===== Data =====
(* Let $F:\mathcal{H}\to\mathbb{R}$ be differentiable with $L$-Lipschitz gradient, $\arg\min F\ne\emptyset$, satisfying (PL) with $\mu>0$, and let $x(\cdot)$ be the solution of the heavy ball system with damping $\alpha>0$ and initial point $x_0$. Let $a,\delta\ge0$ and set $R:=\alpha-a+\delta$. Assume $$R>0,\qquad aR\le 2\mu,\qquad L-\alpha\delta+\frac{\delta}{2}R\le 0.$$ Then the function $V$ defined below satisfies $V(t)\le a(F(x_0)-F_* )e^{-Rt}$ for all $t\ge0$.
   Context: (PL) with constant $\mu>0$: $F(x)-F_*\le \frac{1}{2\mu}\|\nabla F(x)\|^2$ for all $x$, where $F_*=\min F$. Heavy ball system: $\ddot x(t)+\alpha\dot x(t)+\nabla F(x(t))=0$, $x(0)=x_0$, $\dot x(0)=0$ (unique $C^2$ global solution). For parameters $a,\delta$: $W(t)=F(x(t))-F_*$ and $V(t)=aW(t)+\langle\nabla F(x(t)),\dot x(t)\rangle+\frac\delta2\|\dot x(t)\|^2$. *)

From HB Require Import structures.
From mathcomp Require Import all_boot all_order all_algebra.
From mathcomp Require Import all_classical all_reals all_analysis.
Set Implicit Arguments. Unset Strict Implicit. Unset Printing Implicit Defensive.
Import Order.TTheory GRing.Theory Num.Theory.
Import numFieldNormedType.Exports.
Local Open Scope ring_scope.
Local Open Scope classical_set_scope.

(* A real Hilbert space is modelled as a complete normed module V over a
   realType R together with an inner product ip inducing the norm. *)
Definition is_inner_product (R : realType) (V : normedModType R)
  (ip : V -> V -> R) : Prop :=
  (forall x y : V, ip x y = ip y x) /\
  (forall (c : R) (x y z : V), ip (c *: x + y) z = c * ip x z + ip y z) /\
  (forall x : V, ip x x = `|x| ^+ 2).

Definition is_gradient (R : realType) (V : normedModType R)
  (ip : V -> V -> R) (F : V -> R) (gF : V -> V) : Prop :=
  forall y : V, differentiable F y /\ forall h : V, 'd F y h = ip (gF y) h.

Definition Lyap (R : realType) (V : normedModType R)
  (ip : V -> V -> R) (F : V -> R) (gF : V -> V) (Fstar a delta : R)
  (x dx : R -> V) (t : R) : R :=
  a * (F (x t) - Fstar) + ip (gF (x t)) (dx t) + delta / 2 * `|dx t| ^+ 2.

(* Write rate := alpha - a + delta and phi(t) := exp(rate t) V(t); the claim is
   phi(t) <= phi(0) = a (F x0 - Fstar).  Since gF is only Lipschitz, V need not be
   differentiable, so instead of phi' we bound the upper right Dini derivative
   of phi: for h > 0, phi(t+h) - phi(t) <= h q_t(h), where q_t(h) is built from
   difference quotients of x, x', F o x and exp(rate .), plus the term
   L |x(t+h) - x(t)|/h |x'(t+h)| which controls the increment of gF(x) by the
   Lipschitz bound and Cauchy-Schwarz.  As h -> 0, q_t(h) tends to an
   expression that the PL inequality and the conditions on (a, delta) make
   nonpositive.  A function continuous on [0, +oo) with nonpositive upper
   right Dini derivatives on (0, +oo) is nonincreasing (real induction). *)

From HB Require Import structures.
From mathcomp Require Import all_boot all_order all_algebra.
From mathcomp Require Import all_classical all_reals all_analysis.
From mathcomp Require Import ring lra.
Import Order.TTheory GRing.Theory Num.Theory.
Import numFieldNormedType.Exports.
Local Open Scope ring_scope.
Local Open Scope classical_set_scope.

Section InnerProduct.
Context {R : realType} {H : normedModType R} {ip : H -> H -> R}.
Hypothesis ip_inner : is_inner_product ip.

Lemma ipC x y : ip x y = ip y x.
Proof. by case: ip_inner. Qed.

Lemma ip_linear c x y z : ip (c *: x + y) z = c * ip x z + ip y z.
Proof. by case: ip_inner => _ []. Qed.

Lemma ip_norm x : ip x x = `|x| ^+ 2.
Proof. by case: ip_inner => _ []. Qed.

Lemma ip0l z : ip 0 z = 0.
Proof. by have := ip_linear 1 0 0 z; rewrite scaler0 addr0 mul1r; lra. Qed.

Lemma ipDl x y z : ip (x + y) z = ip x z + ip y z.
Proof. by rewrite -[x]scale1r ip_linear mul1r scale1r. Qed.

Lemma ipZl c x z : ip (c *: x) z = c * ip x z.
Proof. by rewrite -[c *: x]addr0 ip_linear ip0l addr0. Qed.

Lemma ipBl x y z : ip (x - y) z = ip x z - ip y z.
Proof. by rewrite -scaleN1r ipDl ipZl mulN1r. Qed.

Lemma ip0r z : ip z 0 = 0.
Proof. by rewrite ipC ip0l. Qed.

Lemma ipDr x y z : ip z (x + y) = ip z x + ip z y.
Proof. by rewrite ipC ipDl !(ipC z). Qed.

Lemma ipZr c x z : ip z (c *: x) = c * ip z x.
Proof. by rewrite ipC ipZl ipC. Qed.

Lemma ipBr x y z : ip z (x - y) = ip z x - ip z y.
Proof. by rewrite ipC ipBl !(ipC z). Qed.

Lemma ipNr x z : ip z (- x) = - ip z x.
Proof. by rewrite -sub0r ipBr ip0r sub0r. Qed.

(* Polarisation: ip is determined by the norm; used for its continuity. *)
Lemma ip_polar u v : ip u v = (`|u + v| ^+ 2 - `|u| ^+ 2 - `|v| ^+ 2) / 2.
Proof. by rewrite -!ip_norm ipDl !ipDr (ipC v u); field. Qed.

(* s |-> |s u + v|^2 is a nonnegative quadratic; its discriminant yields
   Cauchy-Schwarz. *)
Lemma ip_quadratic_ge0 (s : R) u v :
  0 <= s ^+ 2 * `|u| ^+ 2 + 2 * s * ip u v + `|v| ^+ 2.
Proof.
have -> : s ^+ 2 * `|u| ^+ 2 + 2 * s * ip u v + `|v| ^+ 2 = `|s *: u + v| ^+ 2.
  by rewrite -!ip_norm ipDl !ipDr !ipZl !ipZr (ipC v u); ring.
exact: sqr_ge0.
Qed.

Lemma ip_le_norm u v : ip u v <= `|u| * `|v|.
Proof.
have [->|u0] := eqVneq u 0; first by rewrite ip0l normr0 mul0r.
have nu : 0 < `|u| by rewrite normr_gt0.
set q := ip u v; set A := `|u|; set B := `|v|.
have sq : q ^+ 2 <= (A * B) ^+ 2.
  have A2 : 0 < A ^+ 2 by rewrite exprn_gt0.
  have := ip_quadratic_ge0 (- q / A ^+ 2) u v; rewrite -/q -/A -/B => h.
  have : 0 <= A ^+ 2 * (A ^+ 2 * B ^+ 2 - q ^+ 2).
    suff -> : A ^+ 2 * (A ^+ 2 * B ^+ 2 - q ^+ 2) = (A ^+ 2) ^+ 2 *
      ((- q / A ^+ 2) ^+ 2 * A ^+ 2 + 2 * (- q / A ^+ 2) * q + B ^+ 2).
      by apply: mulr_ge0 => //; exact: sqr_ge0.
    by field; rewrite gt_eqF.
  by rewrite pmulr_rge0 // subr_ge0 exprMn.
have AB : 0 <= A * B by apply: mulr_ge0; apply: normr_ge0.
nra.
Qed.

Lemma cvg_ip {T : Type} {G : set_system T} {FG : Filter G} {f g : T -> H} {u v : H} :
  f @ G --> u -> g @ G --> v -> (fun y => ip (f y) (g y)) @ G --> ip u v.
Proof.
move=> fu gv; under eq_fun do rewrite ip_polar !expr2.
rewrite ip_polar !expr2.
apply: cvgMr_tmp; apply: cvgB; [apply: cvgB|];
  by apply: cvgM; apply: cvg_norm => //; exact: cvgD.
Qed.

End InnerProduct.

Section RealInduction.
Variable R : realType.

(* Real induction: a property true at t0, preserved under passing to the
   right end of [t0, c), and propagating a little to the right of any c < T up
   to which it holds, holds on all of [t0, T].  The proof considers the
   supremum of the points up to which it holds. *)
Lemma real_induction (P : R -> Prop) (t0 T : R) :
  P t0 ->
  (forall c, t0 < c <= T -> (forall r, t0 <= r < c -> P r) -> P c) ->
  (forall c, t0 <= c < T -> (forall r, t0 <= r <= c -> P r) ->
     exists2 d, 0 < d & forall r, c < r < c + d -> P r) ->
  forall r, t0 <= r <= T -> P r.
Proof.
move=> Pt0 Pleft Pright r /andP[t0r rT].
pose S := [set s | t0 <= s <= T /\ forall r, t0 <= r <= s -> P r].
have t0T : t0 <= T := le_trans t0r rT.
have St0 : S t0.
  split=> [|r' /andP[r1 r2]]; first by rewrite lexx t0T.
  by have -> : r' = t0 by apply/eqP; rewrite eq_le r1 r2.
have supS : has_sup S by split; [exists t0 | exists T => s [/andP[]]].
set c := sup S.
have t0c : t0 <= c by exact: sup_upper_bound.
have cT : c <= T by apply: ge_sup => [|s [/andP[]]//]; exists t0.
have below_c : forall r, t0 <= r < c -> P r.
  move=> r' /andP[r1 r2].
  have [s [_ Ps] rs] := sup_adherent (ltac:(rewrite subr_gt0 //) : 0 < c - r') supS.
  by apply: Ps; rewrite r1 /=; move: rs; rewrite -/c; lra.
have upto_c : forall r, t0 <= r <= c -> P r.
  move=> r' /andP[r1 r2]; have [r'c|] := ltP r' c; first by apply: below_c; rewrite r1.
  move=> cr'; have -> : r' = c by apply/eqP; rewrite eq_le r2.
  have [<-//|ct0] := eqVneq t0 c.
  by apply: Pleft => //; rewrite cT andbT lt_neqAle ct0.
suff cT' : c = T by apply: upto_c; rewrite t0r cT'.
apply/eqP; rewrite eq_le cT /=; rewrite leNgt; apply/negP => cT'.
have [d d0 Pd] := Pright c ltac:(by rewrite t0c) upto_c.
pose s := c + Num.min d (T - c) / 2.
have ms : 0 < Num.min d (T - c) by rewrite lt_min d0 subr_gt0.
have md : Num.min d (T - c) <= d by rewrite ge_min lexx.
have mT : Num.min d (T - c) <= T - c by rewrite ge_min lexx orbT.
have : S s.
  split; first by apply/andP; split; rewrite /s; lra.
  move=> r' /andP[r1 r2]; have [r'c|cr'] := leP r' c; first by apply: upto_c; rewrite r1.
  by apply: Pd; apply/andP; split; rewrite /s in r2; lra.
by move/sup_upper_bound => /(_ supS); rewrite -/c /s; lra.
Qed.

End RealInduction.

Section DiniMonotonicity.
Context {R : realType} {phi : R -> R}.
Hypothesis phi_cont : forall s : R, 0 < s -> phi @ s --> phi s.
Hypothesis phi_cont0 : phi @ 0^'+ --> phi 0.
Hypothesis phi_dini : forall t : R, 0 < t -> forall e : R, 0 < e ->
  \forall h \near 0^'+, phi (t + h) - phi t <= e * h.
=====
* _Requirement_: Would you show every line in the data above that contains the string "Definition"?

* _Final answer_:
Definition is_inner_product (R : realType) (V : normedModType R)
Definition is_gradient (R : realType) (V : normedModType R)
Definition Lyap (R : realType) (V : normedModType R)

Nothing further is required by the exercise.